Task to carry out => For the entries below, the expected answer is the line with "intros HF H.", the line with "- assert (Heps", and every line between them, exactly as written, and nothing more.

Supplied data START

Lemma nbhs_unitI_ball (s0 : unitI R) (B : set (unitI R)) : nbhs s0 B ->
  exists2 d : R, 0 < d & forall s, `|val s - val s0| < d -> B s.
Proof.
rewrite nbhsE => -[_ [[W oW <-] Ws0] WB].
have /nbhs_ex[d Wd] : nbhs (val s0) W by exact: open_nbhs_nbhs.
by exists d%:num => // s sd; apply: WB; apply: Wd; rewrite /ball /= distrC.
Qed.

Lemma cone_apex_nbhs (c : C) (U : set C) : compact [set: Y] ->
  cone_rad c = 0 -> nbhs c U ->
  exists2 e : R, 0 < e & forall d, cone_rad d < e -> U d.
Proof.
move=> cY c0 Uc.
pose P e y := forall s : unitI R, val s < e -> U (cone_pt y s).
have : \forall e \near 0^'+, [set: Y] `<=` P e.
  apply: (iffLR (compact_near_coveringP _) cY) => y _.
  have apex : cone_pt y (cone_radI c) = c by rewrite -{2}(cone_ptK c) cone_pt_eqP; right.
  have : nbhs (y, cone_radI c) [set x | U (cone_pt x.1 x.2)].
    by apply: continuous_cone_pt; rewrite /= apex.
  case=> -[A B] /= [Ay /nbhs_unitI_ball[d d0 Bd]] AB.
  exists (A, [set e | e < d]) => /=; first by split => //; exact: nbhs_right_lt.
  case=> y' e /= [Ay' ed] s se; apply: (AB (y', s)); split => //=; apply: Bd.
  have -> : val (cone_radI c) = 0 := c0.
  rewrite subr0 ger0_norm; first exact: lt_trans se ed.
  by case/andP: (set_valP s).
move=> /(filterI (nbhs_right_gt 0))/filter_ex[e [e0 He]].
exists e => // d de; rewrite -(cone_ptK d); exact: He.
Qed.

Lemma cvg_cone_apex {T} (F : set_system T) {FF : Filter F} (h : T -> C) (c : C) :
  compact [set: Y] -> cone_rad c = 0 ->
  (fun z => cone_rad (h z)) @ F --> 0 -> h @ F --> c.
Proof.
move=> cY c0 hc U /(cone_apex_nbhs cY c0)[e e0 Ue].
by apply: filterS (cvgr_lt _ hc _ e0) => z; exact: Ue.
Qed.

End cone_topology.

Section push_radius.
Context {R : realFieldType}.

(* The radius a point of radius s is pushed to when its partner has radius s' and
   the pair has separation e: 1 if s' <= s, and s e / (s' (e + s' - s)) if s < s'.
   The symmetric form makes it continuous across s = s'. *)
Definition push_den (s s' e : R) : R :=
  Num.max s s' * (e + 2 * Num.max s s' - s - s').
Definition push_rad (s s' e : R) : R := s * (e + Num.max s s' - s') / push_den s s' e.

Lemma push_denC (s s' e : R) : push_den s s' e = push_den s' s e.
Proof. by rewrite /push_den maxC; congr (_ * _); lra. Qed.

Lemma push_denE (s s' e : R) : s' <= s -> push_den s s' e = s * (e + s - s').
Proof. by move=> ss'; rewrite /push_den max_l //; congr (_ * _); lra. Qed.

Lemma push_rad_max (s s' e : R) : s' <= s -> push_den s s' e != 0 -> push_rad s s' e = 1.
Proof. by move=> ss' D0; rewrite /push_rad max_l // -push_denE // divff. Qed.

Lemma push_rad_min0 (s s' : R) : s <= s' -> push_rad s s' 0 = 0.
Proof. by move=> ss'; rewrite /push_rad max_r // add0r subrr mulr0 mul0r. Qed.

Lemma push_rad_itv (s s' e : R) : 0 <= s -> 0 <= s' -> 0 <= e -> 0 < push_den s s' e ->
  0 <= push_rad s s' e <= 1.
Proof.
rewrite /push_rad /push_den => s0 s'0 e0; set m := Num.max s s' => D0.
have sm : s <= m by rewrite le_max lexx.
have s'm : s' <= m by rewrite le_max lexx orbT.
have N0 : 0 <= s * (e + m - s') by rewrite mulr_ge0 //; lra.
rewrite divr_ge0 ?(ltW D0) //= ler_pdivrMr // mul1r.
have -> : m * (e + 2 * m - s - s') =
  s * (e + m - s') + ((m - s) * (e + m - s') + m * (m - s)) by ring.
by rewrite lerDl addr_ge0 ?mulr_ge0 //; lra.
Qed.

End push_radius.

Lemma push_rad_continuous {R : realType} {T : topologicalType} (f g h : T -> R)
    (x : T) :
  {for x, continuous f} -> {for x, continuous g} -> {for x, continuous h} ->
  push_den (f x) (g x) (h x) != 0 ->
  {for x, continuous (fun z => push_rad (f z) (g z) (h z))}.
Proof.
move=> cf cg ch D0; have cm := continuous_max cf cg.
rewrite /push_rad; apply: cvgM; first by apply: cvgM => //; apply: cvgB => //; apply: cvgD.
apply: cvgV => //; rewrite /push_den; apply: cvgM => //.
by apply: cvgB => //; apply: cvgB => //; apply: cvgD => //; apply: cvgM => //; exact: cvg_cst.
Qed.

Section unit_clamp.
Context {R : realType}.

Lemma unit_clamp_subproof (r : R) : Num.min 1 (Num.max 0 r) \in unit_int R.
Proof. by rewrite inE /unit_int /= ge_min lexx le_min ler01 le_max lexx. Qed.

Definition unit_clamp (r : R) : unitI R := exist (fun x => x \in unit_int R) _ (unit_clamp_subproof r).

Lemma unit_clampE (r : R) : 0 <= r <= 1 -> val (unit_clamp r) = r.
Proof. by case/andP => r0 r1; rewrite /= max_r // min_r. Qed.

Lemma unit_clamp_le0 (r : R) : r <= 0 -> val (unit_clamp r) = 0.
Proof. by move=> r0; rewrite /= max_l // min_r. Qed.

Lemma continuous_val_unit_clamp : continuous (fun r => val (unit_clamp r)).
Proof.
move=> r /=.
by apply: continuous_min; [exact: cvg_cst | apply: continuous_max => //; exact: cvg_cst].
Qed.

Lemma continuous_unit_clamp : continuous unit_clamp.
Proof. exact: continuous_comp_initial continuous_val_unit_clamp. Qed.

End unit_clamp.

Lemma cvg_mdist {R : realType} {Y : metricType R} {T} (F : set_system T)
    {FF : Filter F} (f g : T -> Y) (y y' : Y) :
  f @ F --> y -> g @ F --> y' -> (fun z => mdist (f z) (g z)) @ F --> mdist y y'.
Proof.
move=> fy gy'; apply/cvgrPdist_lt => e e0; near=> z.
have d1 : mdist y (f z) < e / 2.
  by near: z; exact: metricType_numDomainType.cvgr_dist_lt fy _ (divr_gt0 e0 _).
have d2 : mdist y' (g z) < e / 2.
  by near: z; exact: metricType_numDomainType.cvgr_dist_lt gy' _ (divr_gt0 e0 _).
have := metric_triangle y (f z) y'; have := metric_triangle (f z) (g z) y'.
have := metric_triangle (f z) y (g z); have := metric_triangle y y' (g z).
rewrite (metric_sym (g z) y') (metric_sym (f z) y) ltr_distl; lra.
Unshelve. all: by end_near. Qed.
Lemma junction_condition_of_large F E g a b m :
  0 < a < b -> b * b < F ->
  - (a * sqrt (INR m)) <= g (- Z.of_nat m)%Z ->
  2 / (b * b) + Rabs E / (F - b * b) + (a / (b * (b - a))) ^ 2 < INR m ->
  junction_condition F E g a b m.
Proof.
  intros Hab HbF Hg Hm.
  assert (HX1 : 0 <= 2 / (b * b)) by (apply Rdiv_le_0_compat; nra).
  assert (HX2 : 0 <= Rabs E / (F - b * b)) by (apply Rdiv_le_0_compat; [apply Rabs_pos | lra]).
  assert (HX3 : 0 <= (a / (b * (b - a))) ^ 2) by apply pow2_ge_0.
  set (r := sqrt (INR m)).
  assert (Hr0 : 0 < r) by (apply sqrt_lt_R0; lra).
  assert (Hrr : r * r = INR m) by (apply sqrt_sqrt; lra).
  split; [exact Hg | split; [|split]].
  - assert (HE : E <= Rabs E) by apply Rle_abs.
    assert (E / (F - b * b) <= INR m).
    { apply Rle_trans with (Rabs E / (F - b * b)); [|lra].
      apply Rmult_le_compat_r; [left; apply Rinv_0_lt_compat; lra | exact HE]. }
    apply Rmult_le_compat_r with (r := F - b * b) in H; [|lra].
    replace (E / (F - b * b) * (F - b * b)) with E in H by (field; lra). nra.
  - assert (H : 2 / (b * b) <= INR m) by lra.
    apply Rmult_le_compat_r with (r := b * b) in H; [|nra].
    replace (2 / (b * b) * (b * b)) with 2 in H by (field; lra). lra.
  - assert (Hra : a / (b * (b - a)) <= r).
    { apply Rsqr_incr_0_var; [|lra]. unfold Rsqr. rewrite Hrr.
      replace (a / (b * (b - a)) * (a / (b * (b - a)))) with ((a / (b * (b - a))) ^ 2)
        by ring. lra. }
    assert (Hra2 : a <= r * (b * (b - a))).
    { assert (Hbb : 0 < b * (b - a)) by (apply Rmult_lt_0_compat; lra).
      replace a with (a / (b * (b - a)) * (b * (b - a))) at 1
        by (unfold Rdiv; rewrite Rmult_assoc, Rinv_l, Rmult_1_r; lra).
      apply Rmult_le_compat_r; [left; exact Hbb | exact Hra]. }
    assert (Hkey : 0 <= r * (r * (b * (b - a)) - a)) by (apply Rmult_le_pos; lra).
    fold r. apply cosh_sinh_comparison;
      [split; [apply Rmult_le_pos | apply Rmult_le_compat_r]; lra | nra].
Qed.

Lemma liminf_eventually_above (F : R) (u : nat -> R) :
  0 < F -> Rbar_lt (Finite (- sqrt F)) (LimInf_seq u) ->
  exists c, - sqrt F < c /\ exists N, forall n, (N <= n)%nat -> c < u n.
Proof.
  intros HF H. assert (HsF : 0 < sqrt F) by (apply sqrt_lt_R0; auto).
  unfold LimInf_seq in H. destruct (ex_LimInf_seq u) as [l Hl]. simpl in H.
  destruct l as [l| |]; simpl in *.
  - assert (Heps : 0 < (l + sqrt F) / 2) by lra.
    destruct (Hl (mkposreal _ Heps)) as [_ [N HN]]. simpl in HN.
    exists (l - (l + sqrt F) / 2). split; [lra|]. exists N. intros n Hn. apply HN; auto.
  - destruct (Hl 0) as [N HN]. exists 0. split; [lra|]. exists N. auto.
  - contradiction.
Qed.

Supplied data END

Result of this task =>
  intros HF H. assert (HsF : 0 < sqrt F) by (apply sqrt_lt_R0; auto).
  unfold LimInf_seq in H. destruct (ex_LimInf_seq u) as [l Hl]. simpl in H.
  destruct l as [l| |]; simpl in *.
  - assert (Heps : 0 < (l + sqrt F) / 2) by lra.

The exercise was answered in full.